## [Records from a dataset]
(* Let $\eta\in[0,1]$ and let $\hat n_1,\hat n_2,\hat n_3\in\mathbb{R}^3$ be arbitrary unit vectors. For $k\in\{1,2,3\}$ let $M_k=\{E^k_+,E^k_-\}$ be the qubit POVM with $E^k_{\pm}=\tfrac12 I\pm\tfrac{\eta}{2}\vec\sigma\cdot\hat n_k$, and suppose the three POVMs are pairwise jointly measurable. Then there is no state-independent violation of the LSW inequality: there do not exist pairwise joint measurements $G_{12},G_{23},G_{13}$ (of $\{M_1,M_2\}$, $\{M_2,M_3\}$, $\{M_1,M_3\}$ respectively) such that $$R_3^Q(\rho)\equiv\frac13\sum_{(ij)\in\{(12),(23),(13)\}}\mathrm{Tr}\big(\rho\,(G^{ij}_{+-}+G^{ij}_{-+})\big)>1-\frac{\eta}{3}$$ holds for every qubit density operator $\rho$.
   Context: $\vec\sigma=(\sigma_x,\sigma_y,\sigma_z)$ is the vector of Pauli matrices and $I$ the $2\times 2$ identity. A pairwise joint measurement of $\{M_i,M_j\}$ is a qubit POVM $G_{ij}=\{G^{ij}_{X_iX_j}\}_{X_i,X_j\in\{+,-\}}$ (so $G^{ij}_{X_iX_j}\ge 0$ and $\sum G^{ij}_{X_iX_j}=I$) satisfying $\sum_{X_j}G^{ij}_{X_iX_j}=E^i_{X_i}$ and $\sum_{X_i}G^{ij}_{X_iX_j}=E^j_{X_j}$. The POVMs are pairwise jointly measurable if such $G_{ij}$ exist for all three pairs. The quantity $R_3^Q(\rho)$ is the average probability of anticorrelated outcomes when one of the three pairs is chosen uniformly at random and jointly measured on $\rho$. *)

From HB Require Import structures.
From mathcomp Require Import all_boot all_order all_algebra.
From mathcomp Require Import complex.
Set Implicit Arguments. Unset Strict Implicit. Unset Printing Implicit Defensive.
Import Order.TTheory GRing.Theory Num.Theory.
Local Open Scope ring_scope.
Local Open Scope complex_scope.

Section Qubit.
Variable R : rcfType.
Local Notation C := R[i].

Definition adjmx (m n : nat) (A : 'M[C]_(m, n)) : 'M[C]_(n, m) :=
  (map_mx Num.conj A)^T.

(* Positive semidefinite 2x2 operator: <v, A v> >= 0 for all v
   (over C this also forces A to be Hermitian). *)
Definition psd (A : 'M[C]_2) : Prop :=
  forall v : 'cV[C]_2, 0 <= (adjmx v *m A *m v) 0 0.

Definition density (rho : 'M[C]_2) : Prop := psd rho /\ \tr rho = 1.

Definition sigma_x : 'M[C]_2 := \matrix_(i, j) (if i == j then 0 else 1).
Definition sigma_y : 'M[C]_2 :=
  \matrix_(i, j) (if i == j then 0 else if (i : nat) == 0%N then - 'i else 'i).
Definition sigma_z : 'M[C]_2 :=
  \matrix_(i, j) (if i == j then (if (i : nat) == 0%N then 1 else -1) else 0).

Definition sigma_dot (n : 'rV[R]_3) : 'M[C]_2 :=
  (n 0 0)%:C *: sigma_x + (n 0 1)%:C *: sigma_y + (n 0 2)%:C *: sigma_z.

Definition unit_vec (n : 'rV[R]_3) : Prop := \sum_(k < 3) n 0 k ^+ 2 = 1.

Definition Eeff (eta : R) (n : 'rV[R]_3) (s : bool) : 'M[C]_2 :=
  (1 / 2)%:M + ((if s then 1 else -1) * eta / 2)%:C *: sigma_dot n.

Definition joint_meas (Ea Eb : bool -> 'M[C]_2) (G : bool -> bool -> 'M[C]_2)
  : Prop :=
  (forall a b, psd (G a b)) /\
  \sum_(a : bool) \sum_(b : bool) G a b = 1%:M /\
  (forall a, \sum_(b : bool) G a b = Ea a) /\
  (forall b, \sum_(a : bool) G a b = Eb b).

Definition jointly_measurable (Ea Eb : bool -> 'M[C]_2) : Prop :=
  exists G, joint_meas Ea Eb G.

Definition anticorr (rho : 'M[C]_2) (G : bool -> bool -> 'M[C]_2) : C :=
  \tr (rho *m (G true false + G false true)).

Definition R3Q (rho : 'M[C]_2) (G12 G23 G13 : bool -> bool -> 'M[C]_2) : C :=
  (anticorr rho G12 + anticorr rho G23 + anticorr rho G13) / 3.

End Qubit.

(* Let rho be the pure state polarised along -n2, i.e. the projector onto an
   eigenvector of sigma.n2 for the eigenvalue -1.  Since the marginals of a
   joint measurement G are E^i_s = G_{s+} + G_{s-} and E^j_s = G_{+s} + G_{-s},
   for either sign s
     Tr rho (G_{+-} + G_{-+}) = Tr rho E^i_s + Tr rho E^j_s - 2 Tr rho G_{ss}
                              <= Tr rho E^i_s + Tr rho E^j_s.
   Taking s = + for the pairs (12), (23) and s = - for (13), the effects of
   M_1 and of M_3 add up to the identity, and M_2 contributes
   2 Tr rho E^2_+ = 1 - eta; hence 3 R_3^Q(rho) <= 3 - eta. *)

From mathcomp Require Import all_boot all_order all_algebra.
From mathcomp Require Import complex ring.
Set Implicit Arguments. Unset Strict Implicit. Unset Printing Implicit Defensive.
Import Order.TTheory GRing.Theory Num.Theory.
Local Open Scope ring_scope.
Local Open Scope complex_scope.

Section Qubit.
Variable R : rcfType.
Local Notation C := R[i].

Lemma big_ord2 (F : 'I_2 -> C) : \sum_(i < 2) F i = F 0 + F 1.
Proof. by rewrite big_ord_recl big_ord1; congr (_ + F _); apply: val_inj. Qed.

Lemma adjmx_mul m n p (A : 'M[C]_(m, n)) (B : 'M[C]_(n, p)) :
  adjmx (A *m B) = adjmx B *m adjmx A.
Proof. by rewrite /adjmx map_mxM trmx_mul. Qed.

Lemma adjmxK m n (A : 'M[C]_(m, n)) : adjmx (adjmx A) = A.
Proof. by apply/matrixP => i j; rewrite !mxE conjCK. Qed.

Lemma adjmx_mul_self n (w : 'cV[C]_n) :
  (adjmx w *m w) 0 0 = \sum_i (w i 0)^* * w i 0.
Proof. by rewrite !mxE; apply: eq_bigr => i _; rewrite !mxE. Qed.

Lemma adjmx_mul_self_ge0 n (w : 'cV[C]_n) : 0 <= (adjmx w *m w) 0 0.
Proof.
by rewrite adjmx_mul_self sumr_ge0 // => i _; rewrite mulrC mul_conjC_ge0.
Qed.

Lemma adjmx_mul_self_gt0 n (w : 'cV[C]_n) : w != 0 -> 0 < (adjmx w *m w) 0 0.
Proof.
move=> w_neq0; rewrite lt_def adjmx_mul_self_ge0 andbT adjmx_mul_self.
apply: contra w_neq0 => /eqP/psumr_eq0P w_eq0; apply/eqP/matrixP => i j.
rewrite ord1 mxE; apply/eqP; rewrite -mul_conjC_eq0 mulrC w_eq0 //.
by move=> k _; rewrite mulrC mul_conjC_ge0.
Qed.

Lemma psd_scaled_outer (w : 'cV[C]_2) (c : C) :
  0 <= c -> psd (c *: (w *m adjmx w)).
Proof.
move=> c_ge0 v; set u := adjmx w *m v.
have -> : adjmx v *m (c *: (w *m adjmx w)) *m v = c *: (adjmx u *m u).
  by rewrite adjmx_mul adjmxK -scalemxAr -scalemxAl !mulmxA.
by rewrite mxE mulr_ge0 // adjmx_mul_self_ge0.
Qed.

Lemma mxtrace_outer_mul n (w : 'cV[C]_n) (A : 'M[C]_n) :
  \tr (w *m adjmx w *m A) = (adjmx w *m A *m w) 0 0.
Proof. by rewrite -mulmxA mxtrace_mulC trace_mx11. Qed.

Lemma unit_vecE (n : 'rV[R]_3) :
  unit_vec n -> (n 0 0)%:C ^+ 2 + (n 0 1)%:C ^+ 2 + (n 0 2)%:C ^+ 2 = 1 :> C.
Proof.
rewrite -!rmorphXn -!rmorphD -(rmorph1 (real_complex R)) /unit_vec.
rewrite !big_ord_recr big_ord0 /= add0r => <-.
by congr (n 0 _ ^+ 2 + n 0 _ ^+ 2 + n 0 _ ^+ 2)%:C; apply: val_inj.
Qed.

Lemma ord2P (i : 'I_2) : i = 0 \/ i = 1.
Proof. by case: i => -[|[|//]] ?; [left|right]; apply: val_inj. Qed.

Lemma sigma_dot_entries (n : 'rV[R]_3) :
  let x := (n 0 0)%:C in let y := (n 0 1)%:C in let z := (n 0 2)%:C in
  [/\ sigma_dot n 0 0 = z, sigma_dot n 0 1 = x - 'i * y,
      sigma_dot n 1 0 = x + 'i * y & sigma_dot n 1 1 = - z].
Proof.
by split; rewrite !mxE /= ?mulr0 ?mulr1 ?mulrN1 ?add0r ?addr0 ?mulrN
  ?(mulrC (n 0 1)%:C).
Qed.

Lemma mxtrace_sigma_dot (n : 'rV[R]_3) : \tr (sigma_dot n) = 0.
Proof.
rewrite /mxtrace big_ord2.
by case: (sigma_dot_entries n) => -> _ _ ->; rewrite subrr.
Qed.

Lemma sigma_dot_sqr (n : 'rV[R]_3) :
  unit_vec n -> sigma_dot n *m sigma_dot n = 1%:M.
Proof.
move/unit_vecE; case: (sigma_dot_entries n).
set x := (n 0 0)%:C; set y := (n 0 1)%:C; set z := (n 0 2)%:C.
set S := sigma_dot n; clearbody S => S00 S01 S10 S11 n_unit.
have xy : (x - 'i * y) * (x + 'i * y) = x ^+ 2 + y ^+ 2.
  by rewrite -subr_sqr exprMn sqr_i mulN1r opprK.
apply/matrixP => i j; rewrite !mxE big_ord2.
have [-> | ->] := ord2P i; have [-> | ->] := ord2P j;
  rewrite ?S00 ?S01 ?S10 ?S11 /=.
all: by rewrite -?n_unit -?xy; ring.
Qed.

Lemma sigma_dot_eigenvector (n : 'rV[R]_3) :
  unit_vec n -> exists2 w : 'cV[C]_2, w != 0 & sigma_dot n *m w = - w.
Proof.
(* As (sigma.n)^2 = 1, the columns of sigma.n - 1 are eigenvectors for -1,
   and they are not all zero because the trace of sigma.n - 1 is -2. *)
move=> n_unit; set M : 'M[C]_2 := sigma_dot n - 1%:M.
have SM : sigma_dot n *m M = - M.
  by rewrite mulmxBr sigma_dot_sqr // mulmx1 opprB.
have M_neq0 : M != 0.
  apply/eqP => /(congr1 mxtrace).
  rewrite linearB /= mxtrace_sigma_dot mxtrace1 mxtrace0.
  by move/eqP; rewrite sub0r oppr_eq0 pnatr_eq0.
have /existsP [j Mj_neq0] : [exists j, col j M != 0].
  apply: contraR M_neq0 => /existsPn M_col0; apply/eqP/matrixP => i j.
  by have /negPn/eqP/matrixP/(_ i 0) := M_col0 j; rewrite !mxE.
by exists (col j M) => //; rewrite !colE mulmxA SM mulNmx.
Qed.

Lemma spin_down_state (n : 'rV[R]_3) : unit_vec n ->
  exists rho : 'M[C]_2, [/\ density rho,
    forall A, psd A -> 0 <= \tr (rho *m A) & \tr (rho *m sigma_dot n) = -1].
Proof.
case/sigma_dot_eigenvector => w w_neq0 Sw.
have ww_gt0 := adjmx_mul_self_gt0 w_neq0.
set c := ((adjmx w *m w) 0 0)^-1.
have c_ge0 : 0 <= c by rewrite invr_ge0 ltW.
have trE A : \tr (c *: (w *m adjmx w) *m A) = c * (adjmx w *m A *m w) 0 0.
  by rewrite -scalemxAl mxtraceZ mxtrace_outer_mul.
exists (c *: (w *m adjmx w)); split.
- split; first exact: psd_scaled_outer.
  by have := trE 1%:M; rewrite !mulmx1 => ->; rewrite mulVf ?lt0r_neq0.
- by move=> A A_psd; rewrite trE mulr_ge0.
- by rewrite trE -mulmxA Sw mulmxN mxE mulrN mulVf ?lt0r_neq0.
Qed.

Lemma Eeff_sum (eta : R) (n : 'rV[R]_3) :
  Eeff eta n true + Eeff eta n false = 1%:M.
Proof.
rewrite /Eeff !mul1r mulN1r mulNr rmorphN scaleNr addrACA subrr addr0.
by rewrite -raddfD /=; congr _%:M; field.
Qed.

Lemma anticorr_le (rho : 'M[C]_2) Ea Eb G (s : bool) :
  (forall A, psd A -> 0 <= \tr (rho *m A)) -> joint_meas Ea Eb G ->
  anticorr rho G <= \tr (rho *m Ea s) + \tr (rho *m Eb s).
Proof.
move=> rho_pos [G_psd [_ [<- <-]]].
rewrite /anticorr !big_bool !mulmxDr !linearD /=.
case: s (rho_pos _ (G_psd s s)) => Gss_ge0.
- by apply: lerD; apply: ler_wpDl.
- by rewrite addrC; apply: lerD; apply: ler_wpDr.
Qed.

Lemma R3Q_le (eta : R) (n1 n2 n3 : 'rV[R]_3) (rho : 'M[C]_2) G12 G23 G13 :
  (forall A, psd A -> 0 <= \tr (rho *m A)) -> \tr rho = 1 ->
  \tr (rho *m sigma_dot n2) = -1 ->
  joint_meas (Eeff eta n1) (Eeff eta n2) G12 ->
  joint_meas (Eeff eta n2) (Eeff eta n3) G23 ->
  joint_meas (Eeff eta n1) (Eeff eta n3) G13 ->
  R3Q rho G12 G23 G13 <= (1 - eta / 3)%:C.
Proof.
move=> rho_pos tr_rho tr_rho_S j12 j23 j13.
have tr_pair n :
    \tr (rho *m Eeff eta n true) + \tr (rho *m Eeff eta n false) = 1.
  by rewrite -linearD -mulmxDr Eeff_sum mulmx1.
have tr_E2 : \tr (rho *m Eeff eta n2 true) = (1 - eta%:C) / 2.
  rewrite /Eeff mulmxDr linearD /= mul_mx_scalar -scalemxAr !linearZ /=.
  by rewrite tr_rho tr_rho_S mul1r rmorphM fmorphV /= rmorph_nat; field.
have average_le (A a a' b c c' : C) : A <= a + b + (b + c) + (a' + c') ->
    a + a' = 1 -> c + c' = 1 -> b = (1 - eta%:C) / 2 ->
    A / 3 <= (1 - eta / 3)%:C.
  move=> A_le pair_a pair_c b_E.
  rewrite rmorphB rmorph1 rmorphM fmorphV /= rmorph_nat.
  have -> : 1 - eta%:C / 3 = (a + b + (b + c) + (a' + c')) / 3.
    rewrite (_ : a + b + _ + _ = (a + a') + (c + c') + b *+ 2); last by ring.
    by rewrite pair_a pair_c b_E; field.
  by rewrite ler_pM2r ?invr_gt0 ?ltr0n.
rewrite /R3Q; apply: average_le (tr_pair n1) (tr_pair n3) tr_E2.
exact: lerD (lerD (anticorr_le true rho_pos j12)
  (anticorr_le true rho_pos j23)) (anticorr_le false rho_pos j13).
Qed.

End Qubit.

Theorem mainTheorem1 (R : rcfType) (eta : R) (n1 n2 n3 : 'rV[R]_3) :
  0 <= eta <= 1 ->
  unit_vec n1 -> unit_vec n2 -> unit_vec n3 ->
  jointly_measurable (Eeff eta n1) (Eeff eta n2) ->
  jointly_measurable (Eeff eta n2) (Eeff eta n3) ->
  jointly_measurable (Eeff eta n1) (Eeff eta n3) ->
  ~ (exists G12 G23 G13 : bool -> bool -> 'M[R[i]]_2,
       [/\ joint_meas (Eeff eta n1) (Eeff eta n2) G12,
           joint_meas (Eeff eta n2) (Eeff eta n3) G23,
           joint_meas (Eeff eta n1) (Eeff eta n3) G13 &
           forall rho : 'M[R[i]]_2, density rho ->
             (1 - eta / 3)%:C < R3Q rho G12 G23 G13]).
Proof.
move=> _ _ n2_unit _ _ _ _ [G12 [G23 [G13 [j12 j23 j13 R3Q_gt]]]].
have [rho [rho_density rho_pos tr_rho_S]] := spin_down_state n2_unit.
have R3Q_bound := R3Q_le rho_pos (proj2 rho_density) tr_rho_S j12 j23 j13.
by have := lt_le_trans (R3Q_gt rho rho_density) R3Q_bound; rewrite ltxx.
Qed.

## [Assignment]
Would you repeat, exactly and with nothing added, every line from the line containing "(anticorr_le true rho_pos j23))" through the last line of the records above?

## [Output below]
  (anticorr_le true rho_pos j23)) (anticorr_le false rho_pos j13).
Qed.

End Qubit.

Theorem mainTheorem1 (R : rcfType) (eta : R) (n1 n2 n3 : 'rV[R]_3) :
  0 <= eta <= 1 ->
  unit_vec n1 -> unit_vec n2 -> unit_vec n3 ->
  jointly_measurable (Eeff eta n1) (Eeff eta n2) ->
  jointly_measurable (Eeff eta n2) (Eeff eta n3) ->
  jointly_measurable (Eeff eta n1) (Eeff eta n3) ->
  ~ (exists G12 G23 G13 : bool -> bool -> 'M[R[i]]_2,
       [/\ joint_meas (Eeff eta n1) (Eeff eta n2) G12,
           joint_meas (Eeff eta n2) (Eeff eta n3) G23,
           joint_meas (Eeff eta n1) (Eeff eta n3) G13 &
           forall rho : 'M[R[i]]_2, density rho ->
             (1 - eta / 3)%:C < R3Q rho G12 G23 G13]).
Proof.
move=> _ _ n2_unit _ _ _ _ [G12 [G23 [G13 [j12 j23 j13 R3Q_gt]]]].
have [rho [rho_density rho_pos tr_rho_S]] := spin_down_state n2_unit.
have R3Q_bound := R3Q_le rho_pos (proj2 rho_density) tr_rho_S j12 j23 j13.
by have := lt_le_trans (R3Q_gt rho rho_density) R3Q_bound; rewrite ltxx.
Qed.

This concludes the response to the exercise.